**TASK OBJECTIVE**
Print the lines that run from the line with "measurable_mx (fun _ => _ *m" to the line with "[/\ frob ((S", keeping both end lines, exactly as they appear in the entries below, and nothing else.

■ ■ ■ ■ ■ ■ ■

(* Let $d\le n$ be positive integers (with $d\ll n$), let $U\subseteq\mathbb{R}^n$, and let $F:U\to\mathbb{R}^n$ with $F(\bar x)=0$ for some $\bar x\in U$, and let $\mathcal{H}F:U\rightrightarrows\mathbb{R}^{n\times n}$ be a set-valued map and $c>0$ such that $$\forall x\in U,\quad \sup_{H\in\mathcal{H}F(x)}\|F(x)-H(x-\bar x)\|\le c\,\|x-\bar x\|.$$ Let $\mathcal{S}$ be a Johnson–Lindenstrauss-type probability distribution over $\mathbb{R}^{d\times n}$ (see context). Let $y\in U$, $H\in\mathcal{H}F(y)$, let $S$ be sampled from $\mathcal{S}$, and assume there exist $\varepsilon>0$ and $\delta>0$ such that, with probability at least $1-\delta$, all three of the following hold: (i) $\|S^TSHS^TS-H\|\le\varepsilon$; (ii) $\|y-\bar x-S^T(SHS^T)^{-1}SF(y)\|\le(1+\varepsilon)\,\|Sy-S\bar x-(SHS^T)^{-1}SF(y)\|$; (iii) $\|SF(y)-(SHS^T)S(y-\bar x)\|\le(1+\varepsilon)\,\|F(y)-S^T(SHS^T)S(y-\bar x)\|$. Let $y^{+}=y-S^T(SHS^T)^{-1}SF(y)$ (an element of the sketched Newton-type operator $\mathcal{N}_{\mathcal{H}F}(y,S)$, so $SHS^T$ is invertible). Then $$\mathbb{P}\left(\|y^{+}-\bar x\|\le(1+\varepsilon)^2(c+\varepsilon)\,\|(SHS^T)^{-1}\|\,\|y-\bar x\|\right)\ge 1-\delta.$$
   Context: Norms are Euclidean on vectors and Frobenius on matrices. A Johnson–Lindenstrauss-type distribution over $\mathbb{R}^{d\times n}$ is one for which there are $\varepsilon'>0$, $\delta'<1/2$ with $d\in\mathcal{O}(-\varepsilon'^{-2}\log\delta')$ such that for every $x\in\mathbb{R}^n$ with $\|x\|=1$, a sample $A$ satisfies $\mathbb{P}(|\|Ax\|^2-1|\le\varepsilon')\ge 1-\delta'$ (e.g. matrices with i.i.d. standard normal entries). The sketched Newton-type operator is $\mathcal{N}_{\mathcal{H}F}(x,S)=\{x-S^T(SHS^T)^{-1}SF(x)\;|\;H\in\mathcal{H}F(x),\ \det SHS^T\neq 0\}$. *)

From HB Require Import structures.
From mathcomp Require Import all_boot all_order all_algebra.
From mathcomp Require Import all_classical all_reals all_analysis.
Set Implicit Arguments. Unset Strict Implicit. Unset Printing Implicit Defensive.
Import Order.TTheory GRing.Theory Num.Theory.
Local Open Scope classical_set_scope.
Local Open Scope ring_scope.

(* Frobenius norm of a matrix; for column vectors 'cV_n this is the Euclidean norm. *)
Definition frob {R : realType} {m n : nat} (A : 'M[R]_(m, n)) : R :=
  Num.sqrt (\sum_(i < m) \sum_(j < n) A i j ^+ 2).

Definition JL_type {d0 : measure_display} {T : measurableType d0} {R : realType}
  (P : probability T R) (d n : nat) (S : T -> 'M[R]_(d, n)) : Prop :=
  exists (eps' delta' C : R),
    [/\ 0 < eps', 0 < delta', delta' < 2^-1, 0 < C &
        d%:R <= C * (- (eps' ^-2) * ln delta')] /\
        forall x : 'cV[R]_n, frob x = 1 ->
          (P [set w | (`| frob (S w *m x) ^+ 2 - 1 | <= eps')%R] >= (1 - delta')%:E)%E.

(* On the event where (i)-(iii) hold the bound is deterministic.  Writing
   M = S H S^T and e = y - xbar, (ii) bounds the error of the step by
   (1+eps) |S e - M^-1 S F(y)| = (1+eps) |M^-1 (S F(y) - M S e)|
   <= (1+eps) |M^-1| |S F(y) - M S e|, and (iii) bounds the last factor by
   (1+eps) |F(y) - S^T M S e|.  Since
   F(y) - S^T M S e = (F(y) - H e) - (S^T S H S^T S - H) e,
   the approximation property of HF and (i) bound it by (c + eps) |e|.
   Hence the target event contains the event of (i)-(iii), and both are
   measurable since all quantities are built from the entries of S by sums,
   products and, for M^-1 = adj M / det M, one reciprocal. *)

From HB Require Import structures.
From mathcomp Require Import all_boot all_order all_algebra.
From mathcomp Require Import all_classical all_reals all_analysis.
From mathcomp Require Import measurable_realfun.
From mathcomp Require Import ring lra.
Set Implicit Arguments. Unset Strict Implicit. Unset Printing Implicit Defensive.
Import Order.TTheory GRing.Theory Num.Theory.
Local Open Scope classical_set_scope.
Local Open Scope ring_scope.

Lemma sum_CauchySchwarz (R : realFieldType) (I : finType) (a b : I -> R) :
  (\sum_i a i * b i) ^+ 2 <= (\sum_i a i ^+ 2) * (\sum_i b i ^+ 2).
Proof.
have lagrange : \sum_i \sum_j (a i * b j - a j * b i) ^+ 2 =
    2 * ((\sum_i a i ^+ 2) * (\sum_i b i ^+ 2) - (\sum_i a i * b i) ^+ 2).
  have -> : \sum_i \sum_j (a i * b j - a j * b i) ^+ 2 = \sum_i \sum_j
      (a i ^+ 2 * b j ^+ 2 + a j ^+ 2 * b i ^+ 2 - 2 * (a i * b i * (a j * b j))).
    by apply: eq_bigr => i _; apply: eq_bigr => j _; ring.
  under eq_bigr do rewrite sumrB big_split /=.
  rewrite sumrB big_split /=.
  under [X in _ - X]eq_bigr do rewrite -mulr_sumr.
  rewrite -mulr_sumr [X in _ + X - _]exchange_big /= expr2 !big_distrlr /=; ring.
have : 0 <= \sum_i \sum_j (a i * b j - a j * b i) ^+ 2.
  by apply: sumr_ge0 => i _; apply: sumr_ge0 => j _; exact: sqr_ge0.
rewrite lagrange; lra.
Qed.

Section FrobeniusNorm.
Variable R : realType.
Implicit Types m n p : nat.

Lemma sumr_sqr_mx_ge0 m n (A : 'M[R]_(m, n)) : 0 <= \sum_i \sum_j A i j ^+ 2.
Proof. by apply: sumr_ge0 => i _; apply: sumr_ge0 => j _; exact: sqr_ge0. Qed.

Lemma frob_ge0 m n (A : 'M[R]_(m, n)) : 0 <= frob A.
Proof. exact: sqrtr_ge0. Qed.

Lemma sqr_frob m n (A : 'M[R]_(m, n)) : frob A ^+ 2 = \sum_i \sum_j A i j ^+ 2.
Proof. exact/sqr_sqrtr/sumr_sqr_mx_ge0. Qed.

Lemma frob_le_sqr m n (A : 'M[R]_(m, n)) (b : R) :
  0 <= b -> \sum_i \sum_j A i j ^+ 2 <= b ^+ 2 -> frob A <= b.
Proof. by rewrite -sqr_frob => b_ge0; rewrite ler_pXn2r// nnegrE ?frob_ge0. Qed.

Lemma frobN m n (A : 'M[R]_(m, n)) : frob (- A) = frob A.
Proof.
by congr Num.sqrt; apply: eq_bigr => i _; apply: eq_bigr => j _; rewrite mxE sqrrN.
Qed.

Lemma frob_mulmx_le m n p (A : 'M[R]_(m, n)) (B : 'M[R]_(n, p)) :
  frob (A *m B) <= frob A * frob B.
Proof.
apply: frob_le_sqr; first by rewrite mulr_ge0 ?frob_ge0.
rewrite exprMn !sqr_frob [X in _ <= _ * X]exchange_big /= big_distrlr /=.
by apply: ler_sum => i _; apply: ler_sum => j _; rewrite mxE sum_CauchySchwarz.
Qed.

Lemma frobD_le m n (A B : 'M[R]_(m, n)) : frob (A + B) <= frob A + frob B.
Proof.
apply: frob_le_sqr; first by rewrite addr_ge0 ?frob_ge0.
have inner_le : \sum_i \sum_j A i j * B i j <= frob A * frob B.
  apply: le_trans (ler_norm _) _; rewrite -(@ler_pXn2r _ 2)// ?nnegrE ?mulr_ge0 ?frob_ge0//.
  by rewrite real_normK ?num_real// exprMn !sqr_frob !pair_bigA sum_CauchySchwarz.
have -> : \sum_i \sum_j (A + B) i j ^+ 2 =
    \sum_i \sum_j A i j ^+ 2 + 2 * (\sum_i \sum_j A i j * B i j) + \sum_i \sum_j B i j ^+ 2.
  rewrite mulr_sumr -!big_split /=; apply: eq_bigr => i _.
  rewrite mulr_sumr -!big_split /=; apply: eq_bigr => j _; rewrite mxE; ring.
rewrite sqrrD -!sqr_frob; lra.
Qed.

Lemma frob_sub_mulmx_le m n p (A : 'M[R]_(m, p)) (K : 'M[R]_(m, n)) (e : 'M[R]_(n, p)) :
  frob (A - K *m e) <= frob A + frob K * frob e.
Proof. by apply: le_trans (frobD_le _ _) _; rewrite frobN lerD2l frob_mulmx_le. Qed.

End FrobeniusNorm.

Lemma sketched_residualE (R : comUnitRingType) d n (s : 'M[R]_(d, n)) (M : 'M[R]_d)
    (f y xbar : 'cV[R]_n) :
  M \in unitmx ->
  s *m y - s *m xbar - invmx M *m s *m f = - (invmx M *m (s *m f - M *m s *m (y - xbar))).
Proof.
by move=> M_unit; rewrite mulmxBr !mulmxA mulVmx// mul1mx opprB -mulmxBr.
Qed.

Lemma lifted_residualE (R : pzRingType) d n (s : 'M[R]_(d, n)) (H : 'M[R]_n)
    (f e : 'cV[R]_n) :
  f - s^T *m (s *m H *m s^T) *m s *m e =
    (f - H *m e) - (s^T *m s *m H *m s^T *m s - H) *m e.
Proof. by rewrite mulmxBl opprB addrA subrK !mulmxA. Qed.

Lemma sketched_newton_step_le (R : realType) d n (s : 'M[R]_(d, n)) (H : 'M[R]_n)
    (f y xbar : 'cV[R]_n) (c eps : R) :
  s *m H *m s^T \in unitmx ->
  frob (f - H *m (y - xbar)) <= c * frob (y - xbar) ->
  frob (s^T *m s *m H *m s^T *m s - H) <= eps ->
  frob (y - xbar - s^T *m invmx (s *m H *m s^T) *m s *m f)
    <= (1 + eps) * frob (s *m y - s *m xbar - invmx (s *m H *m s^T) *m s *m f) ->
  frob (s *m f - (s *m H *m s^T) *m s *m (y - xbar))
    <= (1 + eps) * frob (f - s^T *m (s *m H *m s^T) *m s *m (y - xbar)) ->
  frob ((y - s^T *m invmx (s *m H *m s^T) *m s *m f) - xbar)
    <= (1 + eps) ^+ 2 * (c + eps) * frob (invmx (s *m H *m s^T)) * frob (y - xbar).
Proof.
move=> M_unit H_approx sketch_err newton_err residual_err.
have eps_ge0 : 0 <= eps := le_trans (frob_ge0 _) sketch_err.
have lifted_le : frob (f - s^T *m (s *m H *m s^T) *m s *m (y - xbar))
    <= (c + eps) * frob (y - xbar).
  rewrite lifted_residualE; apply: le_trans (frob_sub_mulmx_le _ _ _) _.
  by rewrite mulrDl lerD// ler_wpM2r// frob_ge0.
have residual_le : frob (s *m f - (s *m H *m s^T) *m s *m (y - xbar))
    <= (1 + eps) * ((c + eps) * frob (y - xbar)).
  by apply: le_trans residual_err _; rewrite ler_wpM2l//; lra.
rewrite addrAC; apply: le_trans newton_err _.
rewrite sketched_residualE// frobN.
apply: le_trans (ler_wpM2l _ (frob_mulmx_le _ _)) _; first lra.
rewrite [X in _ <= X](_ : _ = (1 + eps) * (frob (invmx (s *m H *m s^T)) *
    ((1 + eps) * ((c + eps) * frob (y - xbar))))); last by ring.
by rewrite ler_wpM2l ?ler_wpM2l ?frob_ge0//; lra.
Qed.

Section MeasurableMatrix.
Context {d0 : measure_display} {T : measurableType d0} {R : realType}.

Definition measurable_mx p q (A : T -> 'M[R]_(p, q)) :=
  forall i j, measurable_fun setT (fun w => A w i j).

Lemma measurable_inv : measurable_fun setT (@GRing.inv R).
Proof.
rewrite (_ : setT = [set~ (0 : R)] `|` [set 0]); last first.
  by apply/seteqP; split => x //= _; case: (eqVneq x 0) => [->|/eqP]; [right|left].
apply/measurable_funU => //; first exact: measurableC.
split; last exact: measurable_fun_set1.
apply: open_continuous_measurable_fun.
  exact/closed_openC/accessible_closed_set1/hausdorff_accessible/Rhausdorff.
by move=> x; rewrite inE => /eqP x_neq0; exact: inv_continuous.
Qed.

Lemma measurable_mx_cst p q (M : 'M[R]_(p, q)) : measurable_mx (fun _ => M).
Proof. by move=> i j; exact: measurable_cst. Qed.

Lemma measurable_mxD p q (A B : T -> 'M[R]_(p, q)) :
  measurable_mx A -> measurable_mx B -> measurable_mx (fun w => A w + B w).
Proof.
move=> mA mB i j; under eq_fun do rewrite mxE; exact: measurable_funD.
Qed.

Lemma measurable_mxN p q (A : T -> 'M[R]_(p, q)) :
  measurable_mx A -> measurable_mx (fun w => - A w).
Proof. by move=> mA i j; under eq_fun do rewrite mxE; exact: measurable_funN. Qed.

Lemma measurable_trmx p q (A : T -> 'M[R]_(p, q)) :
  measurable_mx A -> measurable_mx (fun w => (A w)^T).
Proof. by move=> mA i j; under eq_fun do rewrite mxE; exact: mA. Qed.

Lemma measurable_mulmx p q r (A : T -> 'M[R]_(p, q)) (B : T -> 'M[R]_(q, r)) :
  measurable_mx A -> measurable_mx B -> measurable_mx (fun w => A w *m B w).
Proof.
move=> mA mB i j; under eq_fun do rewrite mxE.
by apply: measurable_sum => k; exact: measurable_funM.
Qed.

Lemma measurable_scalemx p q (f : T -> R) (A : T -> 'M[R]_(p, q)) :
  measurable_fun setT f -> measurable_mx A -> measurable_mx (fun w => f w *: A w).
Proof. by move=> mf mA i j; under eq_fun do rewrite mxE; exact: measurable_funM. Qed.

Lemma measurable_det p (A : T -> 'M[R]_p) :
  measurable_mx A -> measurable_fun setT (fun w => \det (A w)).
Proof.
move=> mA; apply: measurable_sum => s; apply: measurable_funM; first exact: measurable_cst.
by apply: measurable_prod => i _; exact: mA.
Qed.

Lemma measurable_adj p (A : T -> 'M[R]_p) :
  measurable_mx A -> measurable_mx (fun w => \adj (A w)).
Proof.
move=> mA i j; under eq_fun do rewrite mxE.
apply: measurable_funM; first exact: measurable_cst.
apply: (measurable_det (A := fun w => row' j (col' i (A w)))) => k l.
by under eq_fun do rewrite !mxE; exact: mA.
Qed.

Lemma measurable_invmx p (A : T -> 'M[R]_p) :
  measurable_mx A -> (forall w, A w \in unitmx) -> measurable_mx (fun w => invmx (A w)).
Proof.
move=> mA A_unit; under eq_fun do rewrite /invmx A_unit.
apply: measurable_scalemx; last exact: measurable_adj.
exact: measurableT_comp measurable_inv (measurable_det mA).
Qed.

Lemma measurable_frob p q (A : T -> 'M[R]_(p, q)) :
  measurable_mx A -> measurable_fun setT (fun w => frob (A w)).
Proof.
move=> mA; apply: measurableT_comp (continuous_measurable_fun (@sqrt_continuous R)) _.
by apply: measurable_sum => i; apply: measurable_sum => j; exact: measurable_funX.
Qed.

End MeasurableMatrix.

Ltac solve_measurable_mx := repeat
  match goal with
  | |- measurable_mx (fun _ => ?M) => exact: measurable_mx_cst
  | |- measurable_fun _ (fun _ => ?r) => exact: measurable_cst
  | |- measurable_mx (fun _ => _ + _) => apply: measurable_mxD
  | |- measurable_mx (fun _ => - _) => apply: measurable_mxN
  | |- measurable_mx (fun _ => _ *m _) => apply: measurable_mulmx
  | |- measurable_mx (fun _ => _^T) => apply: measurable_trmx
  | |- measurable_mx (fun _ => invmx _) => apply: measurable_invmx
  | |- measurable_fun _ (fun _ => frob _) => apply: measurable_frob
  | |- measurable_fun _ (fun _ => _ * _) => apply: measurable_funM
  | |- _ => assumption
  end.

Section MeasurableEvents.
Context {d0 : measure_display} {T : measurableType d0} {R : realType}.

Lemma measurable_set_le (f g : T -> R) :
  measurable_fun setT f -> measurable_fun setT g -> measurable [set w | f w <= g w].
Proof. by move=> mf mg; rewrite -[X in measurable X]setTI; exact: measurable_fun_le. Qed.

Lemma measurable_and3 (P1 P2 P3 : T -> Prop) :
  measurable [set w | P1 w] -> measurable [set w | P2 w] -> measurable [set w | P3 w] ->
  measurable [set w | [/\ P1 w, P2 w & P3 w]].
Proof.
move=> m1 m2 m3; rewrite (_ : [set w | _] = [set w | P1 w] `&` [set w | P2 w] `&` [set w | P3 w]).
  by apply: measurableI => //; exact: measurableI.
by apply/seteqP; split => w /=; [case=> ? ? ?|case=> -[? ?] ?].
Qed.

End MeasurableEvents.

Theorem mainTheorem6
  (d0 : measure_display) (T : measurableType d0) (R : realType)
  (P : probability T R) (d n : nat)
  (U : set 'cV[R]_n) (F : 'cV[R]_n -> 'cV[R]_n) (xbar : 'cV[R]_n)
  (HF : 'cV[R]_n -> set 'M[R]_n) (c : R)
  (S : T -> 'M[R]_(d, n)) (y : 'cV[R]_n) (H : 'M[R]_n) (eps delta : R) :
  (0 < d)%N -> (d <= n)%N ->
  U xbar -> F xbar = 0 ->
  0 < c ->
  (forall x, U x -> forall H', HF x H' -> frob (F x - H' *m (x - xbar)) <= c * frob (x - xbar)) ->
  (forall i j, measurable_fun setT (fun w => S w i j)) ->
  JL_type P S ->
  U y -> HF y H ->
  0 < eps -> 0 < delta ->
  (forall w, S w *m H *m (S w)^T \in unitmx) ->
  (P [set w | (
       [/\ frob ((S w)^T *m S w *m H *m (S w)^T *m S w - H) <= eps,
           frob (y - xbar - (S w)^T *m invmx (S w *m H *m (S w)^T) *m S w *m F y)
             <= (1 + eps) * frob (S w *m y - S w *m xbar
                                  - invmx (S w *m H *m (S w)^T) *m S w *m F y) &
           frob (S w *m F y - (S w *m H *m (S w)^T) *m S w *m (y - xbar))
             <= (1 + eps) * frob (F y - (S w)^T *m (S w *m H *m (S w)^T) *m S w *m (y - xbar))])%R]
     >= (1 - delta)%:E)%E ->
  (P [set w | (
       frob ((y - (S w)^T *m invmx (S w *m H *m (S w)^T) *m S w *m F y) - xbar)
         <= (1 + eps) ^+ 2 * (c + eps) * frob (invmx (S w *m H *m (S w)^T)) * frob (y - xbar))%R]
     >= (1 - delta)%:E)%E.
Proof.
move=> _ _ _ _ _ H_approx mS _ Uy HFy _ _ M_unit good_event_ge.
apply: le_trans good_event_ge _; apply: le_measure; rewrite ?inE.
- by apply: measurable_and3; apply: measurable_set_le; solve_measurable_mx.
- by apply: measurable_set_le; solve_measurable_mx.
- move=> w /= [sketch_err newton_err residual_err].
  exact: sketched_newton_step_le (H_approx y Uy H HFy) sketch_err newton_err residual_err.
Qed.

■ ■ ■ ■ ■ ■ ■

**WRITTEN REPLY**
  | |- measurable_mx (fun _ => _ *m _) => apply: measurable_mulmx
  | |- measurable_mx (fun _ => _^T) => apply: measurable_trmx
  | |- measurable_mx (fun _ => invmx _) => apply: measurable_invmx
  | |- measurable_fun _ (fun _ => frob _) => apply: measurable_frob
  | |- measurable_fun _ (fun _ => _ * _) => apply: measurable_funM
  | |- _ => assumption
  end.

Section MeasurableEvents.
Context {d0 : measure_display} {T : measurableType d0} {R : realType}.

Lemma measurable_set_le (f g : T -> R) :
  measurable_fun setT f -> measurable_fun setT g -> measurable [set w | f w <= g w].
Proof. by move=> mf mg; rewrite -[X in measurable X]setTI; exact: measurable_fun_le. Qed.

Lemma measurable_and3 (P1 P2 P3 : T -> Prop) :
  measurable [set w | P1 w] -> measurable [set w | P2 w] -> measurable [set w | P3 w] ->
  measurable [set w | [/\ P1 w, P2 w & P3 w]].
Proof.
move=> m1 m2 m3; rewrite (_ : [set w | _] = [set w | P1 w] `&` [set w | P2 w] `&` [set w | P3 w]).
  by apply: measurableI => //; exact: measurableI.
by apply/seteqP; split => w /=; [case=> ? ? ?|case=> -[? ?] ?].
Qed.

End MeasurableEvents.

Theorem mainTheorem6
  (d0 : measure_display) (T : measurableType d0) (R : realType)
  (P : probability T R) (d n : nat)
  (U : set 'cV[R]_n) (F : 'cV[R]_n -> 'cV[R]_n) (xbar : 'cV[R]_n)
  (HF : 'cV[R]_n -> set 'M[R]_n) (c : R)
  (S : T -> 'M[R]_(d, n)) (y : 'cV[R]_n) (H : 'M[R]_n) (eps delta : R) :
  (0 < d)%N -> (d <= n)%N ->
  U xbar -> F xbar = 0 ->
  0 < c ->
  (forall x, U x -> forall H', HF x H' -> frob (F x - H' *m (x - xbar)) <= c * frob (x - xbar)) ->
  (forall i j, measurable_fun setT (fun w => S w i j)) ->
  JL_type P S ->
  U y -> HF y H ->
  0 < eps -> 0 < delta ->
  (forall w, S w *m H *m (S w)^T \in unitmx) ->
  (P [set w | (
       [/\ frob ((S w)^T *m S w *m H *m (S w)^T *m S w - H) <= eps,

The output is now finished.